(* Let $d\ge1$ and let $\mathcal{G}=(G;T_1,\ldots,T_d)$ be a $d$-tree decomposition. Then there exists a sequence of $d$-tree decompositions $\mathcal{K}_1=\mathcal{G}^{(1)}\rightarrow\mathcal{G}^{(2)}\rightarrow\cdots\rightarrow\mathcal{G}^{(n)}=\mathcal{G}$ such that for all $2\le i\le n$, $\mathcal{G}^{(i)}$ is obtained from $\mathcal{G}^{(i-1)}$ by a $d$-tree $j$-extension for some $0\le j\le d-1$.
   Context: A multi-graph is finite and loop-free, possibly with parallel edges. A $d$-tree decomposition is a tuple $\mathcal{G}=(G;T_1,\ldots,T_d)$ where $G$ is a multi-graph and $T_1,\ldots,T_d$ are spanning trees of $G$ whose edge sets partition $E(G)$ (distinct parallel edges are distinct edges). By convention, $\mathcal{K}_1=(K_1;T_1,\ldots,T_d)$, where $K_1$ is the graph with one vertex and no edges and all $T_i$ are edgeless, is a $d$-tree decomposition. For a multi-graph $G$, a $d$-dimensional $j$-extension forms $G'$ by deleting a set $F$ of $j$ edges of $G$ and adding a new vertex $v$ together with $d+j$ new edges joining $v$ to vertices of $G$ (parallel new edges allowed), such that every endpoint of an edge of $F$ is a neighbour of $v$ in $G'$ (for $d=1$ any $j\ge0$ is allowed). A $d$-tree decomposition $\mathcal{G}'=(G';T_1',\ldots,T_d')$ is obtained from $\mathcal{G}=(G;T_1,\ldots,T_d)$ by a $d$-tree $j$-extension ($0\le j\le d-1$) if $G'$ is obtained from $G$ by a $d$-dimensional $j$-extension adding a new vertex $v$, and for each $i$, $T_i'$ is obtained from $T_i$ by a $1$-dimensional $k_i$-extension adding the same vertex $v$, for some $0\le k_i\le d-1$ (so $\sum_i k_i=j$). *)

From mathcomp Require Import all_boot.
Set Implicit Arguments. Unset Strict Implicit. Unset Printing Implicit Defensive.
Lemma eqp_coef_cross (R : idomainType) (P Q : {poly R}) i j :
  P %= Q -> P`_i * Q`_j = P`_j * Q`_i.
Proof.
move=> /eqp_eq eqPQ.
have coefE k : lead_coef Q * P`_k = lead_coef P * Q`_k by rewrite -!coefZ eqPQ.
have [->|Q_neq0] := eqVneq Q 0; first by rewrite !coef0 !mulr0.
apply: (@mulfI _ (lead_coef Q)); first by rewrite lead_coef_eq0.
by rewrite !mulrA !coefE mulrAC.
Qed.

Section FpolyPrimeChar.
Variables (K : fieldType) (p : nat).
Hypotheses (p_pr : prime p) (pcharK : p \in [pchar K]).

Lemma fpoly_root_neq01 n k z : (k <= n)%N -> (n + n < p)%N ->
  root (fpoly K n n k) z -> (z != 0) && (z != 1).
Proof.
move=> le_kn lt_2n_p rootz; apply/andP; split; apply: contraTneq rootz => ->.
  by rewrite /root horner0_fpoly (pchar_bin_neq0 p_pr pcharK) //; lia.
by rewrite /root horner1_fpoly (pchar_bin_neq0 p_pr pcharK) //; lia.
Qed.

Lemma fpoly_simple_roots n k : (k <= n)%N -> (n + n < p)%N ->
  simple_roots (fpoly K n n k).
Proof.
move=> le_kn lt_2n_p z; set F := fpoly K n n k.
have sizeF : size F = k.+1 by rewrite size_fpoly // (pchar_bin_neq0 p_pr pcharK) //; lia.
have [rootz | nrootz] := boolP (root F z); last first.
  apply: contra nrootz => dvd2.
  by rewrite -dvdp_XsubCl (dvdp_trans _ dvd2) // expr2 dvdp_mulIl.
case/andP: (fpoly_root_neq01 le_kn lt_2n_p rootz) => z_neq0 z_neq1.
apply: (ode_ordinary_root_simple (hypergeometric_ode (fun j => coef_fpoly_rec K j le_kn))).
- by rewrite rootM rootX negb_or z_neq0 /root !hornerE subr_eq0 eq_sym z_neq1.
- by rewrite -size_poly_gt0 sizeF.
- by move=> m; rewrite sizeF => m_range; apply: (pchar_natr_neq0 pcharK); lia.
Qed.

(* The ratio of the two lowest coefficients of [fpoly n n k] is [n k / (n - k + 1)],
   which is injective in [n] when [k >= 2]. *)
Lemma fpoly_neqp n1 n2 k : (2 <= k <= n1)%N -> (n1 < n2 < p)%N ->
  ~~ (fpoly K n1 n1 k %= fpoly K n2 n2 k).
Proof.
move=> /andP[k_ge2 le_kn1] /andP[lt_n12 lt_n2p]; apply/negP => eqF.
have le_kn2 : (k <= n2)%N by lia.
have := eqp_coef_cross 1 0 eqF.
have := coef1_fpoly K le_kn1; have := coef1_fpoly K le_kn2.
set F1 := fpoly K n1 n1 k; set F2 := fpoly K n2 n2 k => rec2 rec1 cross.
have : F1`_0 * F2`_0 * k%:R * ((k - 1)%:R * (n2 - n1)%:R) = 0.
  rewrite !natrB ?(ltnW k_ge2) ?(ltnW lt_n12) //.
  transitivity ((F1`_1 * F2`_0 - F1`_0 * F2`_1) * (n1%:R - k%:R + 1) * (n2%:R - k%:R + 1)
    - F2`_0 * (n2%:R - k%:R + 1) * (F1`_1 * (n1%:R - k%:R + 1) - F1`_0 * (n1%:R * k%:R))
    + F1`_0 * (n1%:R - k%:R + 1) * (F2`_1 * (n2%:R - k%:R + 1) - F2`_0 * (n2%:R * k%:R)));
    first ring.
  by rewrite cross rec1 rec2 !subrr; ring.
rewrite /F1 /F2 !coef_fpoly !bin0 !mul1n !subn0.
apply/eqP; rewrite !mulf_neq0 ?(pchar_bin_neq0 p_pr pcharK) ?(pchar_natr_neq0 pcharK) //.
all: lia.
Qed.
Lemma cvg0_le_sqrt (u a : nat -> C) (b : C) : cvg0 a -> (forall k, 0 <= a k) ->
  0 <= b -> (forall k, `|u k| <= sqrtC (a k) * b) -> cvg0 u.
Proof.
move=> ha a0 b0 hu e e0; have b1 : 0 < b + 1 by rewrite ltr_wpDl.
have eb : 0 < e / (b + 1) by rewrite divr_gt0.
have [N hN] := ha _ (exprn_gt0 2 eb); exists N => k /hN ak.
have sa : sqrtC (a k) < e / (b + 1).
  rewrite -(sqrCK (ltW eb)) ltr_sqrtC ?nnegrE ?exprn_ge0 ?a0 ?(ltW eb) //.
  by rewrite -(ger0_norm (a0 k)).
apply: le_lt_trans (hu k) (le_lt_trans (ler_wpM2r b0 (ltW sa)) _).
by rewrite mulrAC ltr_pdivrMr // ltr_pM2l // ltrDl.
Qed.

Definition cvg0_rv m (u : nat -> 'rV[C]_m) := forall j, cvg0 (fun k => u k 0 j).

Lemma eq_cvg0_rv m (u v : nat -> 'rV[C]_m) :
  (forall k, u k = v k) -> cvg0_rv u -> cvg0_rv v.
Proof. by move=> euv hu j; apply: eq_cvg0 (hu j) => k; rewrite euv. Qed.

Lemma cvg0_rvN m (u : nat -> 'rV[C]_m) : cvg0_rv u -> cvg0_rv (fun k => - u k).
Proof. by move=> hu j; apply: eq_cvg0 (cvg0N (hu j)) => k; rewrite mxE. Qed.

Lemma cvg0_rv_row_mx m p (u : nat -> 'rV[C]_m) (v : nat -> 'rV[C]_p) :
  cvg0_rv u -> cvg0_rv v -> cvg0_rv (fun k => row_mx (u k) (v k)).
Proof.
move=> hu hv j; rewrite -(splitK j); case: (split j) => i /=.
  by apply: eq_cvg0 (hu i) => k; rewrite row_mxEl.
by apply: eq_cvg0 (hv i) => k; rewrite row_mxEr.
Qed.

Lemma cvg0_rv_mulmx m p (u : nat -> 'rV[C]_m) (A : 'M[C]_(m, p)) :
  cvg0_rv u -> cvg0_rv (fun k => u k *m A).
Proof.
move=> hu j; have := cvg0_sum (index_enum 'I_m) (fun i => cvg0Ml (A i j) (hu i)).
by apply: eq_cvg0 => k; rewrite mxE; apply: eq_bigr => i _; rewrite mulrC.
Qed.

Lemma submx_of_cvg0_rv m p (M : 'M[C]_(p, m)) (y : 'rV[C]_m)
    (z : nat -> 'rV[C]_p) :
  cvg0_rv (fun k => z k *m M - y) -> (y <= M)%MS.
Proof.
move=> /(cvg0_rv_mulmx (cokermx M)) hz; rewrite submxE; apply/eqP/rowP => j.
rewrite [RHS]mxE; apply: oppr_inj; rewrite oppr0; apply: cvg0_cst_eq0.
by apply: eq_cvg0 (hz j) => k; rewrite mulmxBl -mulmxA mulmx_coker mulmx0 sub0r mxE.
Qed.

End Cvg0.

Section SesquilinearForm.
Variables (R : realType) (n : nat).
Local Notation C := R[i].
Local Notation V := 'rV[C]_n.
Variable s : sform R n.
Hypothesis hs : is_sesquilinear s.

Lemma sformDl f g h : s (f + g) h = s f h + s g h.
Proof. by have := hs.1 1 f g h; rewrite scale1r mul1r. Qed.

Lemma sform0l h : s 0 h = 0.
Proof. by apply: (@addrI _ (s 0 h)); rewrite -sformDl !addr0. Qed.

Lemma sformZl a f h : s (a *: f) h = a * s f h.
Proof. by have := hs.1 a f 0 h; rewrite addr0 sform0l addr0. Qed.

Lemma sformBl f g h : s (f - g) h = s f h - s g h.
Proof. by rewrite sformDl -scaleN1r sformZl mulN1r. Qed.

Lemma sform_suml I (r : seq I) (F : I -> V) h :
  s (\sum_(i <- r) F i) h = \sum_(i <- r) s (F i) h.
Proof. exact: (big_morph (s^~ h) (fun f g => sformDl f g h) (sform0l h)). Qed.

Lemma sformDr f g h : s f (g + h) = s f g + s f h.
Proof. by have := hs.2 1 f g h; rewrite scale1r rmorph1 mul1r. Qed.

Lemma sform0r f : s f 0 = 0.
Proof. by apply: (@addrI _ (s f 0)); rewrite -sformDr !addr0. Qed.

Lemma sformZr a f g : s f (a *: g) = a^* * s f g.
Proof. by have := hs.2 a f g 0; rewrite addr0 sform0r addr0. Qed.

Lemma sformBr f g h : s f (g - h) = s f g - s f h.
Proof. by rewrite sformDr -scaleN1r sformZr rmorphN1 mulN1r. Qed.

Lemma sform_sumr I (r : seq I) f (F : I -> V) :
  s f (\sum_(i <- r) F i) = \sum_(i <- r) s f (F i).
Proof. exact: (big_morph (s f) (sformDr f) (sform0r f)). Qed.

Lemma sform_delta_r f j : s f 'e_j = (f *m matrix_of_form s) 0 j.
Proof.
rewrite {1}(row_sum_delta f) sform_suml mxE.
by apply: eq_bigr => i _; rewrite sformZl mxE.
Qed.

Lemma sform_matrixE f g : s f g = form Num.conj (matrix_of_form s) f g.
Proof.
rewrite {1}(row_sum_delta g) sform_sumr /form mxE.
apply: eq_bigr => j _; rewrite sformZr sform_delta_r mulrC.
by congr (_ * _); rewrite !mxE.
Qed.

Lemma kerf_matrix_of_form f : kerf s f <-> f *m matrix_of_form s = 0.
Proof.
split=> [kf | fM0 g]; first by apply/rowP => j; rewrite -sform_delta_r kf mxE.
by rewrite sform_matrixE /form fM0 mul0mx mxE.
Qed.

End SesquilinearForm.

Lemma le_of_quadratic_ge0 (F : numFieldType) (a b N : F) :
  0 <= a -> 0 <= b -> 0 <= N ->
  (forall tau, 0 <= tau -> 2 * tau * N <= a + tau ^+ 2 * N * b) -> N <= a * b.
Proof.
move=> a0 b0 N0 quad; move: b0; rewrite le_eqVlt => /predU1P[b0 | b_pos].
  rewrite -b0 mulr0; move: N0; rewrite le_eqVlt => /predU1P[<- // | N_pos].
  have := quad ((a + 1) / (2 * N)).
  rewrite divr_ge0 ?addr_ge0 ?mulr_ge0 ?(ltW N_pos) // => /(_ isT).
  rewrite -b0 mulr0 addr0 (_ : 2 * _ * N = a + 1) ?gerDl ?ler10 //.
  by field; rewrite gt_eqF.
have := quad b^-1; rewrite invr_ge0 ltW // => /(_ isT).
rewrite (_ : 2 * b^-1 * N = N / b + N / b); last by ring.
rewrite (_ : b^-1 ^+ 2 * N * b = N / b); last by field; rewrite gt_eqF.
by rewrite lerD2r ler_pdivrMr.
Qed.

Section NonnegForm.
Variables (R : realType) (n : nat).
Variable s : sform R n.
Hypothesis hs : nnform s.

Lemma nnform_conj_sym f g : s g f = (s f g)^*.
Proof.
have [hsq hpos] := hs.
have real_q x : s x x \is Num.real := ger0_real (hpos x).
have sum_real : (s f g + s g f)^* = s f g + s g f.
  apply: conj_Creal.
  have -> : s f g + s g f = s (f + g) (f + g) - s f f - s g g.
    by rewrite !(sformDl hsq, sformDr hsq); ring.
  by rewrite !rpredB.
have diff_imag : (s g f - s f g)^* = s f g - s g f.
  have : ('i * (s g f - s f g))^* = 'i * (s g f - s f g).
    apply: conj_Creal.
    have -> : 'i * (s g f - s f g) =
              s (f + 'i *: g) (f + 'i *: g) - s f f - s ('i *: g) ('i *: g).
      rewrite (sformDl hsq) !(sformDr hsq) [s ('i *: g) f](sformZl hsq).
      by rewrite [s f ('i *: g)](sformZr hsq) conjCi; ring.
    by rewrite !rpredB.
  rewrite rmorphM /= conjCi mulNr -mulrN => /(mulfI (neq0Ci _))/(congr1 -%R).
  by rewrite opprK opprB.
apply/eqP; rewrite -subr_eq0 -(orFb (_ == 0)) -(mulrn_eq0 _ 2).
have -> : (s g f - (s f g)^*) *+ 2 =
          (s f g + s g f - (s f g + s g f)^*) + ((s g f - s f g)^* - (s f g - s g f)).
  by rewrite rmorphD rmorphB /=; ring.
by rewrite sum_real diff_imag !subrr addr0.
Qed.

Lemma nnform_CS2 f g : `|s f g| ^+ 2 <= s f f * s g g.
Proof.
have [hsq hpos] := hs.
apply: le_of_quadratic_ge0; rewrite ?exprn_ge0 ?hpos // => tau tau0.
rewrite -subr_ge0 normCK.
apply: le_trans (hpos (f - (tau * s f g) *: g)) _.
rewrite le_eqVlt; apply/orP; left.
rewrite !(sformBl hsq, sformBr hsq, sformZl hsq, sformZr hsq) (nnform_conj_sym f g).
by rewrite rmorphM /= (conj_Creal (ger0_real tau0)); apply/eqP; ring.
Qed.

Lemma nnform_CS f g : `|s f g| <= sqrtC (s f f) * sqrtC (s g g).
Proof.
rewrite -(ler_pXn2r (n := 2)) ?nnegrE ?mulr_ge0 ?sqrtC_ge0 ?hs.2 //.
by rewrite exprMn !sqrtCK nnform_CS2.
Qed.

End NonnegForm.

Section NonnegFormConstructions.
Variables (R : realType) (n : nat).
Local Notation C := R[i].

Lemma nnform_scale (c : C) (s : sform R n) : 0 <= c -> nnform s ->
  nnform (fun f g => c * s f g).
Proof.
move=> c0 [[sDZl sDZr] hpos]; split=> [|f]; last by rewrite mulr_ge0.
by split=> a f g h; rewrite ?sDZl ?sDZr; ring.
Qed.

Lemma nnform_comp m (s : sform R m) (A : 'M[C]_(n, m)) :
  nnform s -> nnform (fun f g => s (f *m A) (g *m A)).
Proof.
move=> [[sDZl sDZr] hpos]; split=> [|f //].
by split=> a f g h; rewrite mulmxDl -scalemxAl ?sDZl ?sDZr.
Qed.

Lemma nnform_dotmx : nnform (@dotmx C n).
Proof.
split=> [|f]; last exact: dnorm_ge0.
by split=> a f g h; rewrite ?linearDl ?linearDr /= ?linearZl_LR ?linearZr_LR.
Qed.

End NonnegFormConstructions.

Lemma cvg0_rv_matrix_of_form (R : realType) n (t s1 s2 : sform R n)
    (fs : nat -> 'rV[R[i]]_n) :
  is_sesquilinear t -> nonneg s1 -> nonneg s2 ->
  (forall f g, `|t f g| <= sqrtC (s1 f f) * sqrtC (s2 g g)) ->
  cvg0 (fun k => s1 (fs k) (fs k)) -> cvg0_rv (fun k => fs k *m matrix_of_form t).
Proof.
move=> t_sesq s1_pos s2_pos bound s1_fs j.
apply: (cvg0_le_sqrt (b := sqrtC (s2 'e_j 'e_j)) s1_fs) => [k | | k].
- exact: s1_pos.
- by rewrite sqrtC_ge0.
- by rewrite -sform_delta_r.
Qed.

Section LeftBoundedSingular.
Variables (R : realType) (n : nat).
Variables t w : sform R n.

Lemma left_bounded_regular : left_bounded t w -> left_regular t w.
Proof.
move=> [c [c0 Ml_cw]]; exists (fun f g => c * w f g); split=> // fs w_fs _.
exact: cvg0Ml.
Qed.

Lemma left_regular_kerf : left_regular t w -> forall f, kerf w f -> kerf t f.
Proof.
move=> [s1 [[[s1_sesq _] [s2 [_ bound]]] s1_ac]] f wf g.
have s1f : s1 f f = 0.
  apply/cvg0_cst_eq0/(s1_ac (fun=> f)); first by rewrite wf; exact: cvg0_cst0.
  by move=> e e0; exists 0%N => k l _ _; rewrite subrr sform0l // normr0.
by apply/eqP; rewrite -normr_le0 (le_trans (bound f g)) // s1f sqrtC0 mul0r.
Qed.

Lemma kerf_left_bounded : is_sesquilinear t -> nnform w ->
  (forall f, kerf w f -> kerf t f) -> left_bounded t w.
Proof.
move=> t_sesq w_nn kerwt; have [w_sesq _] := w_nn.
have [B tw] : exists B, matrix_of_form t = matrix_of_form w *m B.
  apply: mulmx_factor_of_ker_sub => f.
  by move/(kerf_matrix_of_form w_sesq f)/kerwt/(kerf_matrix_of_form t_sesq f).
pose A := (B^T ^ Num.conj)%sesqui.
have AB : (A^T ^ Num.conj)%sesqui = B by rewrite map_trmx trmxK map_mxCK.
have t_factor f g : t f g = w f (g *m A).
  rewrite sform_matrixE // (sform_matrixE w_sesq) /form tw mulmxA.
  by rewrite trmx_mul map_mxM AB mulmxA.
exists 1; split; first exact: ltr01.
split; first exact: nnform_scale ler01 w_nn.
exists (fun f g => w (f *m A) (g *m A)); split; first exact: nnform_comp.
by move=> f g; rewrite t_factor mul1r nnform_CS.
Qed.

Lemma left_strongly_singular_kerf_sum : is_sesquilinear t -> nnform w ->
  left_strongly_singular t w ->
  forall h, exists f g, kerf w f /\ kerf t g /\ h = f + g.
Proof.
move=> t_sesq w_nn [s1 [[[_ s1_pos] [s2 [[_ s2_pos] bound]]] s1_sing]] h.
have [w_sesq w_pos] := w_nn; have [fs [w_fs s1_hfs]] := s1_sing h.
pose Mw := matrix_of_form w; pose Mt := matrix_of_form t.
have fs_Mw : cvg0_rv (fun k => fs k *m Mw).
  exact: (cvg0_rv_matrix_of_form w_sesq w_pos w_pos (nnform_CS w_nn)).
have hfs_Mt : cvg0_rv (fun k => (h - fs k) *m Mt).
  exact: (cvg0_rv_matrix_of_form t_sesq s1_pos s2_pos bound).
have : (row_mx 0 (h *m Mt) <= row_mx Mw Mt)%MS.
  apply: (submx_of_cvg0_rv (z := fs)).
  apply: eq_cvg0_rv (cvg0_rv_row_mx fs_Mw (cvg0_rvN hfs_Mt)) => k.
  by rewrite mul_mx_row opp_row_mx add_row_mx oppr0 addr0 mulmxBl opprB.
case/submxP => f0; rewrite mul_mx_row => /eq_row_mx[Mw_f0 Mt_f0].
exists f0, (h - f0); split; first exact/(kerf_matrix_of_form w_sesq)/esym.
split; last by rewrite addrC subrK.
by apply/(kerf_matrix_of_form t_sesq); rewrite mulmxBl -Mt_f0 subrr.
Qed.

____________

Task prompt. Only the lines holding the word "sformBr" belong in the answer; copy them from the listing above.

Task result.
Lemma sformBr f g h : s f (g - h) = s f g - s f h.
rewrite !(sformBl hsq, sformBr hsq, sformZl hsq, sformZr hsq) (nnform_conj_sym f g).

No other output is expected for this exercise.